(* Let $f:A\to B$ be a ring homomorphism and let $\mathfrak b$ be an ideal of $B$. Let $A\bowtie^f\mathfrak b:=\{(a,f(a)+b): a\in A,\ b\in\mathfrak b\}$, a subring of $A\times B$. Assume that $f^{-1}(\mathfrak b)$ is a regular ideal of $A$ and $\mathfrak b$ is a regular ideal of $B$. Then the following are equivalent: (i) $A\bowtie^f\mathfrak b$ is a Prüfer ring; (ii) $A$ and $B$ are Prüfer rings and $\mathfrak b=B$.
   Context: All rings are commutative with identity. An element of a ring is regular if it is not a zerodivisor; an ideal is regular if it contains a regular element. A ring $R$ is a Prüfer ring if every regular finitely generated ideal of $R$ is invertible. *)

From HB Require Import structures.
From mathcomp Require Import all_boot all_order all_algebra.
From mathcomp Require Import ring.
Set Implicit Arguments. Unset Strict Implicit. Unset Printing Implicit Defensive.
Import Order.TTheory GRing.Theory Num.Theory.
Local Open Scope ring_scope.

Definition regular (R : comPzRingType) (x : R) : Prop :=
  forall y : R, x * y = 0 -> y = 0.

Record ideal (R : comPzRingType) := Ideal {
  idmem :> pred R;
  ideal0 : 0 \in idmem;
  idealB : forall x y, x \in idmem -> y \in idmem -> x - y \in idmem;
  idealM : forall r x, x \in idmem -> r * x \in idmem }.

Definition regular_ideal (R : comPzRingType) (I : R -> Prop) : Prop :=
  exists x, I x /\ regular x.

Definition fg_ideal (R : comPzRingType) (n : nat) (g : 'I_n -> R) : R -> Prop :=
  fun x => exists c : 'I_n -> R, x = \sum_(i < n) c i * g i.

(* Invertibility of an ideal I of R: I * J = R for some fractional ideal J,
   i.e. 1 = sum_i a_i * y_i with a_i in I and y_i in the total quotient ring
   T(R) with y_i * I contained in R.  Writing the finitely many y_i over a
   common regular denominator s (y_i = u_i / s) this unfolds to: *)
Definition invertible (R : comPzRingType) (I : R -> Prop) : Prop :=
  exists (s : R) (m : nat) (a u : 'I_m -> R),
    [/\ regular s,
        forall i, I (a i),
        forall i x, I x -> exists r, u i * x = s * r
      & \sum_(i < m) a i * u i = s].

Definition prufer (R : comPzRingType) : Prop :=
  forall (n : nat) (g : 'I_n -> R),
    regular_ideal (fg_ideal g) -> invertible (fg_ideal g).

Section Amalgamation.
Variables (A B : comPzRingType) (f : {rmorphism A -> B}) (I : ideal B).

Definition amalg_set (x : A * B) : Prop :=
  exists a : A, exists b : B, b \in idmem I /\ x = (a, f a + b).

Definition amalg_pred : pred (A * B) := [pred x | x.2 - f x.1 \in idmem I].

Lemma amalg_predE x : amalg_set x <-> x \in amalg_pred.
Proof.
case: x => x1 x2; rewrite /amalg_set inE /=; split.
  case=> a [b [Ib [-> ->]]] /=.
  by have -> : f a + b - f a = b by ring.
move=> H; exists x1, (x2 - f x1); split => //.
by have -> : f x1 + (x2 - f x1) = x2 by ring.
Qed.

Fact amalg_subring_closed : subring_closed amalg_pred.
Proof.
have IN x : x \in idmem I -> - x \in idmem I.
  by move=> Hx; rewrite -sub0r; apply: idealB => //; exact: ideal0.
have ID x y : x \in idmem I -> y \in idmem I -> x + y \in idmem I.
  by move=> Hx Hy; rewrite -[y]opprK; apply: idealB => //; exact: IN.
split.
- by rewrite inE /= rmorph1 subrr ideal0.
- move=> x y; rewrite !inE /= => Hx Hy.
  have -> : x.2 - y.2 - f (x.1 - y.1) = (x.2 - f x.1) - (y.2 - f y.1).
    by rewrite rmorphB; ring.
  exact: idealB.
- move=> x y; rewrite !inE /= => Hx Hy.
  have -> : x.2 * y.2 - f (x.1 * y.1) = y.2 * (x.2 - f x.1) + f x.1 * (y.2 - f y.1).
    by rewrite rmorphM; ring.
  by apply: ID; apply: idealM.
Qed.

Record amalg := Amalg { amval :> A * B; _ : amval \in amalg_pred }.
HB.instance Definition _ := [isSub for amval].
HB.instance Definition _ := [Choice of amalg by <:].
HB.instance Definition _ := GRing.SubChoice_isSubComPzRing.Build (A * B)%type
  amalg_pred amalg amalg_subring_closed.
End Amalgamation.

(* If b = B the amalgamation is just A x B, and a product is Pruefer exactly when
   both factors are; the inverse of an ideal of A x B is assembled from inverses of
   its two projections, and conversely projects onto them.  The real content is
   that Pruefer forces b = B.  Take a regular a0 with f a0 in b and a regular
   b0 in b; then d = (a0, b0) is regular, p = (a0, 0) lies in the amalgamation and
   p (d - p) = 0.  For such a pair an invertible ideal (d, p) always has d | p, so
   p = d t, whence t = (1, 0) and -1 = t_2 - f t_1 lies in b. *)

From HB Require Import structures.
From mathcomp Require Import all_boot all_order all_algebra.
From mathcomp Require Import ring.
Set Implicit Arguments. Unset Strict Implicit. Unset Printing Implicit Defensive.
Import GRing.Theory.
Local Open Scope ring_scope.

Lemma regular0_invertible (R : comPzRingType) (J : R -> Prop) :
  regular (0 : R) -> invertible J.
Proof.
move=> reg0; exists 0, 0%N, (fun _ => 0), (fun _ => 0).
split=> //; [by case | by case | by rewrite big_ord0].
Qed.

Lemma fg_ideal0 (R : comPzRingType) (g : 'I_0 -> R) x : fg_ideal g x -> x = 0.
Proof. by case=> c ->; rewrite big_ord0. Qed.

Lemma fg_ideal_rmorph (R S : comPzRingType) (phi : {rmorphism R -> S}) n
    (g : 'I_n -> R) x :
  fg_ideal g x -> fg_ideal (fun i => phi (g i)) (phi x).
Proof.
case=> c ->; exists (fun i => phi (c i)).
by rewrite rmorph_sum; apply: eq_bigr => i _; rewrite rmorphM.
Qed.

Lemma regular1 (R : comPzRingType) : regular (1 : R).
Proof. by move=> y; rewrite mul1r. Qed.

Lemma fg_ideal_gen (R : comPzRingType) n (g : 'I_n -> R) i : fg_ideal g (g i).
Proof.
exists (fun j => (j == i)%:R); rewrite (bigD1 i) //= eqxx mul1r big1 ?addr0 //.
by move=> j /negPf ->; rewrite mul0r.
Qed.

Lemma regular_rmorph_inj (R S : comPzRingType) (phi : {rmorphism R -> S}) x :
  injective phi -> regular (phi x) -> regular x.
Proof.
move=> phi_inj reg y xy0; apply: phi_inj; rewrite rmorph0; apply: reg.
by rewrite -rmorphM xy0 rmorph0.
Qed.

Lemma fg_ideal2P (R : comPzRingType) (x y z : R) :
  fg_ideal (tnth [tuple x; y]) z <-> exists c0 c1, z = c0 * x + c1 * y.
Proof.
split=> [[c ->]|[c0 [c1 ->]]].
  exists (c ord0), (c (lift ord0 ord0)).
  by rewrite !big_ord_recl big_ord0 addr0 !(tnth_nth 0).
exists (tnth [tuple c0; c1]).
by rewrite !big_ord_recl big_ord0 addr0 !(tnth_nth 0).
Qed.

Lemma invertible_fg2_dvd (R : comPzRingType) (d p : R) :
  p * (d - p) = 0 -> invertible (fg_ideal (tnth [tuple d; p])) ->
  exists t, p = d * t.
Proof.
move=> pdp [s [m [a [u [regs aJ uJ sum_au]]]]].
(* p a_k = (c0 + c1) p d for a_k = c0 d + c1 p, and (c0 + c1) p lies in the ideal. *)
have pd : p * d = p * p by apply/eqP; rewrite -subr_eq0 -mulrBr pdp.
have pau k : exists r, p * a k * u k = d * (s * r).
  have [c0 [c1 ak]] := (fg_ideal2P _ _ _).1 (aJ k).
  have [r ur] : exists r, u k * ((c0 + c1) * p) = s * r.
    by apply: uJ; apply/fg_ideal2P; exists 0, (c0 + c1); rewrite mul0r add0r.
  exists r; rewrite -ur ak.
  have -> : p * (c0 * d + c1 * p) = c0 * (p * d) + c1 * (p * p) by ring.
  rewrite -pd; ring.
have [r pauE] := fin_all_exists pau.
have sp : s * p = s * (d * \sum_k r k).
  rewrite -{1}sum_au mulr_suml (eq_bigr (fun k => s * (d * r k))) => [|k _].
    by rewrite -!mulr_sumr.
  by rewrite mulrCA -pauE; ring.
exists (\sum_k r k); apply/eqP; rewrite -subr_eq0; apply/eqP; apply: regs.
by rewrite mulrBr sp subrr.
Qed.

Section RingIsomorphism.
Variables (R S : comPzRingType) (phi : {rmorphism R -> S}) (psi : S -> R).
Hypotheses (phiK : cancel phi psi) (psiK : cancel psi phi).

Lemma regular_iso x : regular x -> regular (phi x).
Proof.
move=> reg y xy0; rewrite -[y]psiK (reg (psi y)) ?rmorph0 //.
by apply: (can_inj phiK); rewrite rmorphM psiK xy0 rmorph0.
Qed.

Lemma fg_ideal_iso n (g : 'I_n -> S) y :
  fg_ideal g y -> fg_ideal (fun i => psi (g i)) (psi y).
Proof.
case=> c ->; exists (fun i => psi (c i)); apply: (can_inj phiK).
rewrite psiK rmorph_sum; apply: eq_bigr => i _; by rewrite rmorphM !psiK.
Qed.

Lemma prufer_iso : prufer R -> prufer S.
Proof.
move=> prR n g [x [gx regx]].
have regJ : regular_ideal (fg_ideal (fun i => psi (g i))).
  exists (psi x); split; first exact: fg_ideal_iso.
  by apply: (@regular_rmorph_inj _ _ phi _ (can_inj phiK)); rewrite psiK.
have [s [m [a [u [regs aJ uJ sum_au]]]]] := prR _ _ regJ.
exists (phi s), m, (fun k => phi (a k)), (fun k => phi (u k)); split.
- exact: regular_iso.
- move=> k; have [c ->] := fg_ideal_rmorph phi (aJ k).
  by exists c; apply: eq_bigr => i _; rewrite psiK.
- move=> k y /fg_ideal_iso /(uJ k) [r ur].
  by exists (phi r); rewrite -rmorphM -ur rmorphM psiK.
- by rewrite -sum_au rmorph_sum; apply: eq_bigr => k _; rewrite rmorphM.
Qed.

End RingIsomorphism.

Section Product.
Variables A B : comPzRingType.

Lemma regular_pair (x : A * B) : regular x.1 -> regular x.2 -> regular x.
Proof.
case: x => x1 x2 /= reg1 reg2 [y1 y2] /= [/reg1 -> /reg2 ->] //.
Qed.

Lemma regular_fst (x : A * B) : regular x -> regular x.1.
Proof.
by move=> reg y xy0; have /(congr1 fst) := reg (y, 0) (congr2 pair xy0 (mulr0 _)).
Qed.

Lemma regular_snd (x : A * B) : regular x -> regular x.2.
Proof.
by move=> reg y xy0; have /(congr1 snd) := reg (0, y) (congr2 pair (mulr0 _) xy0).
Qed.

Lemma fg_ideal_pair n (g : 'I_n -> A) (h : 'I_n -> B) x y :
  fg_ideal g x -> fg_ideal h y -> fg_ideal (fun i => (g i, h i)) (x, y).
Proof.
case=> c -> [d ->]; exists (fun i => (c i, d i)).
by rewrite [RHS]surjective_pairing (rmorph_sum fst) (rmorph_sum snd).
Qed.

Lemma fg_ideal_fst0 n (g : 'I_n -> A * B) y :
  fg_ideal (fun i => (g i).1) y -> fg_ideal g (y, 0).
Proof.
case=> c ->; exists (fun i => (c i, 0)).
rewrite [RHS]surjective_pairing (rmorph_sum fst) (rmorph_sum snd) /=.
by congr pair; rewrite big1 // => i _; rewrite mul0r.
Qed.

Lemma fg_ideal_snd0 n (g : 'I_n -> A * B) y :
  fg_ideal (fun i => (g i).2) y -> fg_ideal g (0, y).
Proof.
case=> c ->; exists (fun i => (0, c i)).
rewrite [RHS]surjective_pairing (rmorph_sum fst) (rmorph_sum snd) /=.
by congr pair; rewrite big1 // => i _; rewrite mul0r.
Qed.

Lemma invertible_fst (I : A -> Prop) (J : A * B -> Prop) :
  (forall z, J z -> I z.1) -> (forall y, I y -> J (y, 0)) ->
  invertible J -> invertible I.
Proof.
move=> JI IJ [s [m [a [u [regs aJ uJ sum_au]]]]].
exists s.1, m, (fun k => (a k).1), (fun k => (u k).1); split.
- exact: regular_fst.
- by move=> k; apply: JI.
- by move=> k y /IJ /(uJ k) [r /(congr1 fst) ur]; exists r.1.
- by rewrite -sum_au (rmorph_sum fst).
Qed.

Lemma invertible_pair (I1 : A -> Prop) (I2 : B -> Prop) (J : A * B -> Prop) :
  (forall z, J z -> I1 z.1 /\ I2 z.2) ->
  (forall y, I1 y -> J (y, 0)) -> (forall y, I2 y -> J (0, y)) ->
  invertible I1 -> invertible I2 -> invertible J.
Proof.
move=> JI I1J I2J [s1 [m1 [a1 [u1 [regs1 aJ1 uJ1 sum_au1]]]]].
move=> [s2 [m2 [a2 [u2 [regs2 aJ2 uJ2 sum_au2]]]]].
pose a k := match split k with inl i => (a1 i, 0) | inr j => (0, a2 j) end.
pose u k := match split k with inl i => (u1 i, 0) | inr j => (0, u2 j) end.
exists (s1, s2), (m1 + m2)%N, a, u; split.
- exact: regular_pair.
- by move=> k; rewrite /a; case: (split k) => [i|j]; [apply: I1J | apply: I2J].
- move=> k z /JI [/uJ1 uz1 /uJ2 uz2]; rewrite /u; case: (split k) => [i|j].
    have [r ur] := uz1 i; exists (r, 0).
    by apply: (congr2 pair) => /=; rewrite ?ur ?mulr0 ?mul0r.
  have [r ur] := uz2 j; exists (0, r).
  by apply: (congr2 pair) => /=; rewrite ?ur ?mulr0 ?mul0r.
- have splitl i : split (lshift m2 i) = inl i := unsplitK (inl i).
  have splitr j : split (rshift m1 j) = inr j := unsplitK (inr j).
  rewrite big_split_ord (eq_bigr (fun i => (a1 i * u1 i, 0))); last first.
    by move=> i _; rewrite /a /u splitl; apply: (congr2 pair); rewrite /= ?mul0r.
  rewrite (eq_bigr (fun j => (0, a2 j * u2 j))); last first.
    by move=> j _; rewrite /a /u splitr; apply: (congr2 pair); rewrite /= ?mul0r.
  rewrite [LHS]surjective_pairing /= !(rmorph_sum fst) !(rmorph_sum snd) /=.
  by rewrite !big1_eq addr0 add0r sum_au1 sum_au2.
Qed.

Lemma prufer_fst : prufer (A * B)%type -> prufer A.
Proof.
move=> prAB [|n] g [x [gx regx]].
  by apply: regular0_invertible; rewrite -(fg_ideal0 gx).
pose G i := (g i, 1 : B).
apply: (@invertible_fst _ (fg_ideal G)).
- by move=> z /(fg_ideal_rmorph fst).
- exact: (@fg_ideal_fst0 _ G).
apply: prAB; exists (x, 1); split.
  exact: fg_ideal_pair gx (fg_ideal_gen (fun _ => 1) ord0).
by apply: regular_pair => //; apply: regular1.
Qed.

Lemma prufer_pair : prufer A -> prufer B -> prufer (A * B)%type.
Proof.
move=> prA prB n g [x [gx regx]].
apply: (@invertible_pair (fg_ideal (fun i => (g i).1))
                          (fg_ideal (fun i => (g i).2))).
- by move=> z gz; split; [exact: (fg_ideal_rmorph fst) | exact: (fg_ideal_rmorph snd)].
- exact: fg_ideal_fst0.
- exact: fg_ideal_snd0.
- apply: prA; exists x.1; split; last exact: regular_fst.
  exact: (fg_ideal_rmorph fst).
- apply: prB; exists x.2; split; last exact: regular_snd.
  exact: (fg_ideal_rmorph snd).
Qed.

Definition swap_pair (p : A * B) : B * A := (p.2, p.1).

HB.instance Definition _ := GRing.isNmodMorphism.Build (A * B)%type (B * A)%type
  swap_pair (erefl, fun _ _ => erefl).
HB.instance Definition _ := GRing.isMonoidMorphism.Build (A * B)%type (B * A)%type
  swap_pair (erefl, fun _ _ => erefl).

End Product.

Lemma swap_pairK (A B : comPzRingType) : cancel (@swap_pair A B) (@swap_pair B A).
Proof. by case. Qed.

Lemma prufer_snd (A B : comPzRingType) : prufer (A * B)%type -> prufer B.
Proof.
move=> prAB; apply: (@prufer_fst B A).
exact: (prufer_iso (@swap_pairK A B) (@swap_pairK B A)).
Qed.

Section FullAmalgamation.
Variables (A B : comPzRingType) (f : {rmorphism A -> B}) (I : ideal B).
Hypothesis I_full : forall b, b \in idmem I.

Fact amalg_pred_full p : p \in amalg_pred f I.
Proof. by rewrite inE I_full. Qed.

Definition amalg_of_pair p : amalg f I := Amalg (amalg_pred_full p).

Lemma amalg_of_pairK : cancel amalg_of_pair val.
Proof. by []. Qed.

Lemma val_amalgK : cancel val amalg_of_pair.
Proof. by move=> x; apply: val_inj. Qed.

HB.instance Definition _ := GRing.isNmodMorphism.Build _ _ amalg_of_pair
  (can2_nmod_morphism val_amalgK amalg_of_pairK).
HB.instance Definition _ := GRing.isMonoidMorphism.Build _ _ amalg_of_pair
  (can2_monoid_morphism val_amalgK amalg_of_pairK).

Lemma prufer_amalg_full : prufer (amalg f I) <-> prufer (A * B)%type.
Proof.
split; first exact: prufer_iso val_amalgK amalg_of_pairK.
exact: prufer_iso amalg_of_pairK val_amalgK.
Qed.

End FullAmalgamation.

Lemma prufer_amalg_ideal_full (A B : comPzRingType) (f : {rmorphism A -> B})
    (I : ideal B) :
  regular_ideal (fun a : A => f a \in idmem I) ->
  regular_ideal (fun b : B => b \in idmem I) ->
  prufer (amalg f I) -> forall b : B, b \in idmem I.
Proof.
move=> [a0 [fa0I rega0]] [b0 [b0I regb0]] prR.
have dP : (a0, b0) \in amalg_pred f I by rewrite inE idealB.
have pP : (a0, 0) \in amalg_pred f I by rewrite inE idealB ?ideal0.
pose d := Amalg dP; pose p := Amalg pP.
have regd : regular d.
  by apply: (regular_rmorph_inj (phi := val) val_inj); apply: regular_pair.
have pdp : p * (d - p) = 0.
  by apply: val_inj; apply: (congr2 pair); rewrite /= ?subrr ?mulr0 ?mul0r.
have [t pdt] := invertible_fg2_dvd pdp
  (prR _ _ (ex_intro _ d (conj (fg_ideal_gen _ ord0) regd))).
have t1 : (val t).1 = 1.
  apply/eqP; rewrite eq_sym -subr_eq0; apply/eqP; apply: rega0.
  by rewrite mulrBr mulr1 [X in X - _](congr1 (fun z => (val z).1) pdt) subrr.
have t2 : (val t).2 = 0.
  by apply: regb0; exact: (esym (congr1 (fun z => (val z).2) pdt)).
have := valP t; rewrite inE t1 t2 rmorph1 sub0r => N1I b.
by rewrite -[b]mulr1 -mulrNN; apply: idealM.
Qed.

Theorem theorem3p1 (A B : comPzRingType) (f : {rmorphism A -> B}) (I : ideal B) :
  regular_ideal (fun a : A => f a \in idmem I) ->
  regular_ideal (fun b : B => b \in idmem I) ->
  (prufer (amalg f I) <-> [/\ prufer A, prufer B & forall b : B, b \in idmem I]).
Proof.
move=> regfI regI; split=> [prR | [prA prB I_full]].
  have I_full := prufer_amalg_ideal_full regfI regI prR.
  have prAB := (prufer_amalg_full f I_full).1 prR.
  by split; [exact: prufer_fst prAB | exact: prufer_snd prAB |].
by apply/(prufer_amalg_full f I_full); exact: prufer_pair.
Qed.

##############################

## Work task
Out of the data above, give again only the lines starting at the one holding "fg_ideal (fun i => (g i).2) y" and ending at the one holding "pose G i := (g i, 1 : B).", unchanged.

## Solution to the problem
  fg_ideal (fun i => (g i).2) y -> fg_ideal g (0, y).
Proof.
case=> c ->; exists (fun i => (0, c i)).
rewrite [RHS]surjective_pairing (rmorph_sum fst) (rmorph_sum snd) /=.
by congr pair; rewrite big1 // => i _; rewrite mul0r.
Qed.

Lemma invertible_fst (I : A -> Prop) (J : A * B -> Prop) :
  (forall z, J z -> I z.1) -> (forall y, I y -> J (y, 0)) ->
  invertible J -> invertible I.
Proof.
move=> JI IJ [s [m [a [u [regs aJ uJ sum_au]]]]].
exists s.1, m, (fun k => (a k).1), (fun k => (u k).1); split.
- exact: regular_fst.
- by move=> k; apply: JI.
- by move=> k y /IJ /(uJ k) [r /(congr1 fst) ur]; exists r.1.
- by rewrite -sum_au (rmorph_sum fst).
Qed.

Lemma invertible_pair (I1 : A -> Prop) (I2 : B -> Prop) (J : A * B -> Prop) :
  (forall z, J z -> I1 z.1 /\ I2 z.2) ->
  (forall y, I1 y -> J (y, 0)) -> (forall y, I2 y -> J (0, y)) ->
  invertible I1 -> invertible I2 -> invertible J.
Proof.
move=> JI I1J I2J [s1 [m1 [a1 [u1 [regs1 aJ1 uJ1 sum_au1]]]]].
move=> [s2 [m2 [a2 [u2 [regs2 aJ2 uJ2 sum_au2]]]]].
pose a k := match split k with inl i => (a1 i, 0) | inr j => (0, a2 j) end.
pose u k := match split k with inl i => (u1 i, 0) | inr j => (0, u2 j) end.
exists (s1, s2), (m1 + m2)%N, a, u; split.
- exact: regular_pair.
- by move=> k; rewrite /a; case: (split k) => [i|j]; [apply: I1J | apply: I2J].
- move=> k z /JI [/uJ1 uz1 /uJ2 uz2]; rewrite /u; case: (split k) => [i|j].
    have [r ur] := uz1 i; exists (r, 0).
    by apply: (congr2 pair) => /=; rewrite ?ur ?mulr0 ?mul0r.
  have [r ur] := uz2 j; exists (0, r).
  by apply: (congr2 pair) => /=; rewrite ?ur ?mulr0 ?mul0r.
- have splitl i : split (lshift m2 i) = inl i := unsplitK (inl i).
  have splitr j : split (rshift m1 j) = inr j := unsplitK (inr j).
  rewrite big_split_ord (eq_bigr (fun i => (a1 i * u1 i, 0))); last first.
    by move=> i _; rewrite /a /u splitl; apply: (congr2 pair); rewrite /= ?mul0r.
  rewrite (eq_bigr (fun j => (0, a2 j * u2 j))); last first.
    by move=> j _; rewrite /a /u splitr; apply: (congr2 pair); rewrite /= ?mul0r.
  rewrite [LHS]surjective_pairing /= !(rmorph_sum fst) !(rmorph_sum snd) /=.
  by rewrite !big1_eq addr0 add0r sum_au1 sum_au2.
Qed.

Lemma prufer_fst : prufer (A * B)%type -> prufer A.
Proof.
move=> prAB [|n] g [x [gx regx]].
  by apply: regular0_invertible; rewrite -(fg_ideal0 gx).
pose G i := (g i, 1 : B).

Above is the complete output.